[WHAT THE TASK REQUIRES] Your answer must hold only the lines below from the line containing "rot a s = s <-> periodic (cnth s) a." through the line containing "have size_take_d : size", each reproduced exactly.

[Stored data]
═══
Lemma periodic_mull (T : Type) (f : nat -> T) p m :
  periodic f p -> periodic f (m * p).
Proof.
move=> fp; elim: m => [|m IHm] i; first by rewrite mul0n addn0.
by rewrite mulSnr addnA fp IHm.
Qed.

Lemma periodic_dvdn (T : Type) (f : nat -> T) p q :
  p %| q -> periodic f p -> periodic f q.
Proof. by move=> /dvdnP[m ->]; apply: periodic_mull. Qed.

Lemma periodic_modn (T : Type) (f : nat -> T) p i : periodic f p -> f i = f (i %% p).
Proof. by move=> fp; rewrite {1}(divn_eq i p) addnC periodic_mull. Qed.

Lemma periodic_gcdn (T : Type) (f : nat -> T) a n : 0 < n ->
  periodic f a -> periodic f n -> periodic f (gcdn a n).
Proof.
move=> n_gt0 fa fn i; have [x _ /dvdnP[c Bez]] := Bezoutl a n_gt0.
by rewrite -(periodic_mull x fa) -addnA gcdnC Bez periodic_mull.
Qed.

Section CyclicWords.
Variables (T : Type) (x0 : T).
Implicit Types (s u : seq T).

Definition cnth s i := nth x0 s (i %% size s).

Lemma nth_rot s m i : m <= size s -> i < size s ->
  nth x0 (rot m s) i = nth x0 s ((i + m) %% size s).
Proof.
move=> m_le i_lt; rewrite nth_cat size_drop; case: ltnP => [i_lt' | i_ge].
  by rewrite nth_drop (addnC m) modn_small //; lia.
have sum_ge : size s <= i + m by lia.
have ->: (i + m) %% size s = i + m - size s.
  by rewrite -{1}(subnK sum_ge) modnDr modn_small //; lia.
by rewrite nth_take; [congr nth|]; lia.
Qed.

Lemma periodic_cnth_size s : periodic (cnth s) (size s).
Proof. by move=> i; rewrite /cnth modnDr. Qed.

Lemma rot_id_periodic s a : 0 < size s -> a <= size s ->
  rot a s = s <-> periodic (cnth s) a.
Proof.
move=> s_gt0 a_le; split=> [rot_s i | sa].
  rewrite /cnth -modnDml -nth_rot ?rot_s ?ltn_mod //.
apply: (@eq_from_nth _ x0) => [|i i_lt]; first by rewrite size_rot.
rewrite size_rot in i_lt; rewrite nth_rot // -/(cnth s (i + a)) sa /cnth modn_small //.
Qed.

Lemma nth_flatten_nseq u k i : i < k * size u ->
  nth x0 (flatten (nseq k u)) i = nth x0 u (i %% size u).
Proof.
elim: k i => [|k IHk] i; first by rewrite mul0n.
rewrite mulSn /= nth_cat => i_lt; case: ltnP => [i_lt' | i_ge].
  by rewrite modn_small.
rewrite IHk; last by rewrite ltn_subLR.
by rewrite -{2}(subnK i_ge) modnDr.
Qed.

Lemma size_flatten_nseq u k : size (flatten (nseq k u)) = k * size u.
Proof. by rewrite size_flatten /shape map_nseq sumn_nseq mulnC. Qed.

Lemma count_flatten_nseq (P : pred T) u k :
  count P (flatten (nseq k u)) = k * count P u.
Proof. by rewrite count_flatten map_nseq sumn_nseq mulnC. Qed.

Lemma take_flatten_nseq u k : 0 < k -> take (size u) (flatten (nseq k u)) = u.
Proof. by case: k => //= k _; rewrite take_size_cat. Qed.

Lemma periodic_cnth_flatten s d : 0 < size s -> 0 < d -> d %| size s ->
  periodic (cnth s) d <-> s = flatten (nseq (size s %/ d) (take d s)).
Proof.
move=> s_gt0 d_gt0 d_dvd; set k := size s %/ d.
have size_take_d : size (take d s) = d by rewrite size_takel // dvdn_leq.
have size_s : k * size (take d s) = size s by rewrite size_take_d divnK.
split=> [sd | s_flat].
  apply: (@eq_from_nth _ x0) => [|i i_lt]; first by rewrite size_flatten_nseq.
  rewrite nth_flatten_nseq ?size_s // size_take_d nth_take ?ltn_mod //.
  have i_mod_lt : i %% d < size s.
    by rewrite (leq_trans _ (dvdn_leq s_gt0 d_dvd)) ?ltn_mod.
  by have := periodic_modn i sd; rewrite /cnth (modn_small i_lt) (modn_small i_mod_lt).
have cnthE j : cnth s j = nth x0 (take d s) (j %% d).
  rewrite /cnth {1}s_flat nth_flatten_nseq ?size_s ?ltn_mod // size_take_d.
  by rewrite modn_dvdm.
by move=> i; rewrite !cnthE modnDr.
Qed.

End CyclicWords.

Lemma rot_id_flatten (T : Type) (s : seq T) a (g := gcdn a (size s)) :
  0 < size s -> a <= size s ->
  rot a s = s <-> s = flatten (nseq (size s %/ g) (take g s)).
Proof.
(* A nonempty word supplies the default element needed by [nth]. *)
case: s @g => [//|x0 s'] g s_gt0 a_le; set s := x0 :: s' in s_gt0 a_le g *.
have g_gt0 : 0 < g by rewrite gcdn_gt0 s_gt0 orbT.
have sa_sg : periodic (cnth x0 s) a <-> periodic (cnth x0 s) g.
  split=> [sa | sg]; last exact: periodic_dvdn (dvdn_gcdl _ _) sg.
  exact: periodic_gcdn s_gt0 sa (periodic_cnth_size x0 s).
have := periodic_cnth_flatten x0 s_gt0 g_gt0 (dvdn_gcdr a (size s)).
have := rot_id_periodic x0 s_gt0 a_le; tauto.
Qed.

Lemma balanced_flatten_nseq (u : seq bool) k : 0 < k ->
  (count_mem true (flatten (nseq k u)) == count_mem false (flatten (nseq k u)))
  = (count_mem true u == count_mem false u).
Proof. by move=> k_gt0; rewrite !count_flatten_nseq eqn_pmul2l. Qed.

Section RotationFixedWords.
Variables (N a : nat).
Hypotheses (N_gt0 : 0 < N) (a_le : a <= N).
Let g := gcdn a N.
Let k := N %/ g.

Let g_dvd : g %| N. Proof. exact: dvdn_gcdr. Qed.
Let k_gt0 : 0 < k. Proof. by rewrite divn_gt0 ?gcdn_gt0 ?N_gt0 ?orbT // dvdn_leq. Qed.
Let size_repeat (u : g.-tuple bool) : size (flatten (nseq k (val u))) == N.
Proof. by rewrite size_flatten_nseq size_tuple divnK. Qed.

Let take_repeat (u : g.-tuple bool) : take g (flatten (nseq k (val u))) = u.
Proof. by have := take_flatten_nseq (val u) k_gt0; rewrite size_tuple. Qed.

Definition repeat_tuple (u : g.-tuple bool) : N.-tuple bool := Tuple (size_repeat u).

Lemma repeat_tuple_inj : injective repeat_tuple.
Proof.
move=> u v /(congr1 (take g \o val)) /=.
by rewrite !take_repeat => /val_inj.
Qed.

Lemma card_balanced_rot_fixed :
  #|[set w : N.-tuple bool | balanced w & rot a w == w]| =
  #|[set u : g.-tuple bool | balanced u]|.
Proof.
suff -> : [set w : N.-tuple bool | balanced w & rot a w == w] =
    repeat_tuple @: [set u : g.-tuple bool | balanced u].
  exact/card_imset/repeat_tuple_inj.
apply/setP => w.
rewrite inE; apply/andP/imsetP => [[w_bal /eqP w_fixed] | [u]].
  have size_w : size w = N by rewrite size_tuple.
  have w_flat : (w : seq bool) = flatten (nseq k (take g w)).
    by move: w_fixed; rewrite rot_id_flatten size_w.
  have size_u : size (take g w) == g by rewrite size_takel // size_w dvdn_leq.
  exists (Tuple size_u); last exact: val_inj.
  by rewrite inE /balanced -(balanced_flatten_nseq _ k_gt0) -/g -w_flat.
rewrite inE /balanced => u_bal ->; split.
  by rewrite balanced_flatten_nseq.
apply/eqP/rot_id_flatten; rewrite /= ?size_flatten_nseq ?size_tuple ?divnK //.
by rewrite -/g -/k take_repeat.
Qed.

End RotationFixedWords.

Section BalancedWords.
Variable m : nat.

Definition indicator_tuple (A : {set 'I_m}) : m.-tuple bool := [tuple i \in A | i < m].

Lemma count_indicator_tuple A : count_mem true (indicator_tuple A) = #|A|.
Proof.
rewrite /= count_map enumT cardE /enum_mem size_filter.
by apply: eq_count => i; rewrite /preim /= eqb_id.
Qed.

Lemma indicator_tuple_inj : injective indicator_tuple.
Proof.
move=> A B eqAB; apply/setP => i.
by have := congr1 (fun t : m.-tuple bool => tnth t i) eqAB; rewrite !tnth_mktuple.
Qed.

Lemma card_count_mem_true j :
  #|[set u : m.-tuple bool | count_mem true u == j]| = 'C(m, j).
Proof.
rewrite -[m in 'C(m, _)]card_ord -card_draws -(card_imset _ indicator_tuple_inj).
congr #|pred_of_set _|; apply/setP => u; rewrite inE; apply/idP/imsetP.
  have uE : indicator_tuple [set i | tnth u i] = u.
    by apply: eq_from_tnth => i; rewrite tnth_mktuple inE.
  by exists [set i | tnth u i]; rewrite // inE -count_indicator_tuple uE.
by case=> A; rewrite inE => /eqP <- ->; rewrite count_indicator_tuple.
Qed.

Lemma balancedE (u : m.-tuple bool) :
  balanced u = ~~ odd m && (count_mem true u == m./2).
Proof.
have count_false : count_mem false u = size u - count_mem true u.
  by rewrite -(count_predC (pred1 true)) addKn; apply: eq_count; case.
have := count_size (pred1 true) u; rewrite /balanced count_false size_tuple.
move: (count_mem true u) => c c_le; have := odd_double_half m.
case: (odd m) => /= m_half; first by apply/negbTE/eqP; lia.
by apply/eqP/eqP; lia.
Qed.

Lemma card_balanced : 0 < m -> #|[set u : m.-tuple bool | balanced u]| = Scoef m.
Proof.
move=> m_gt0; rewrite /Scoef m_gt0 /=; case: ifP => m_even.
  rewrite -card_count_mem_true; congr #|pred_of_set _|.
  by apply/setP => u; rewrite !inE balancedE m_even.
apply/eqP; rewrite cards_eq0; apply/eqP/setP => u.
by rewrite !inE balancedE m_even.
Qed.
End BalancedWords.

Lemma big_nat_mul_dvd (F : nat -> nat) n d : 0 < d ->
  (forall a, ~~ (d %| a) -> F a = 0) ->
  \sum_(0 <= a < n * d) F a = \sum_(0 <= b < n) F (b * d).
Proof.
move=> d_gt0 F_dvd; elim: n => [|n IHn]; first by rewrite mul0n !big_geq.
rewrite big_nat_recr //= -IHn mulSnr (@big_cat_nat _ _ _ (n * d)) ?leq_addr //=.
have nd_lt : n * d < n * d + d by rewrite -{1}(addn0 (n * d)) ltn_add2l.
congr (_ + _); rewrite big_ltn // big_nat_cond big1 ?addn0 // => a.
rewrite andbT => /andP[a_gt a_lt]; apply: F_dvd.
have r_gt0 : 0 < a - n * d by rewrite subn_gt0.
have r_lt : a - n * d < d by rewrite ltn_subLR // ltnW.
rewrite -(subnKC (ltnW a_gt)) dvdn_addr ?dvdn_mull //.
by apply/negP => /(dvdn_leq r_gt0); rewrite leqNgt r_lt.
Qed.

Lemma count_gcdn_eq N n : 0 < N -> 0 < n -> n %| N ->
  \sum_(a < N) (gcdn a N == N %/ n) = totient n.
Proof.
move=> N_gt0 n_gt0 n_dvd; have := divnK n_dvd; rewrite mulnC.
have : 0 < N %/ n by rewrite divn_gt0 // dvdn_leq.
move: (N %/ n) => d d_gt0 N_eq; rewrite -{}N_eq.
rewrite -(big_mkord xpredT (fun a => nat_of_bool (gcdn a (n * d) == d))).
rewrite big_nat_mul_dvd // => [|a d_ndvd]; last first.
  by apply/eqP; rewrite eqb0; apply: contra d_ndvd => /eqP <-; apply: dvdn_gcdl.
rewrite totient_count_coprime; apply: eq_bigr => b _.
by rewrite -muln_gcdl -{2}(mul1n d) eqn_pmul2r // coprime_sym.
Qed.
═══
[TASK RESPONSE]
  rot a s = s <-> periodic (cnth s) a.
Proof.
move=> s_gt0 a_le; split=> [rot_s i | sa].
  rewrite /cnth -modnDml -nth_rot ?rot_s ?ltn_mod //.
apply: (@eq_from_nth _ x0) => [|i i_lt]; first by rewrite size_rot.
rewrite size_rot in i_lt; rewrite nth_rot // -/(cnth s (i + a)) sa /cnth modn_small //.
Qed.

Lemma nth_flatten_nseq u k i : i < k * size u ->
  nth x0 (flatten (nseq k u)) i = nth x0 u (i %% size u).
Proof.
elim: k i => [|k IHk] i; first by rewrite mul0n.
rewrite mulSn /= nth_cat => i_lt; case: ltnP => [i_lt' | i_ge].
  by rewrite modn_small.
rewrite IHk; last by rewrite ltn_subLR.
by rewrite -{2}(subnK i_ge) modnDr.
Qed.

Lemma size_flatten_nseq u k : size (flatten (nseq k u)) = k * size u.
Proof. by rewrite size_flatten /shape map_nseq sumn_nseq mulnC. Qed.

Lemma count_flatten_nseq (P : pred T) u k :
  count P (flatten (nseq k u)) = k * count P u.
Proof. by rewrite count_flatten map_nseq sumn_nseq mulnC. Qed.

Lemma take_flatten_nseq u k : 0 < k -> take (size u) (flatten (nseq k u)) = u.
Proof. by case: k => //= k _; rewrite take_size_cat. Qed.

Lemma periodic_cnth_flatten s d : 0 < size s -> 0 < d -> d %| size s ->
  periodic (cnth s) d <-> s = flatten (nseq (size s %/ d) (take d s)).
Proof.
move=> s_gt0 d_gt0 d_dvd; set k := size s %/ d.
have size_take_d : size (take d s) = d by rewrite size_takel // dvdn_leq.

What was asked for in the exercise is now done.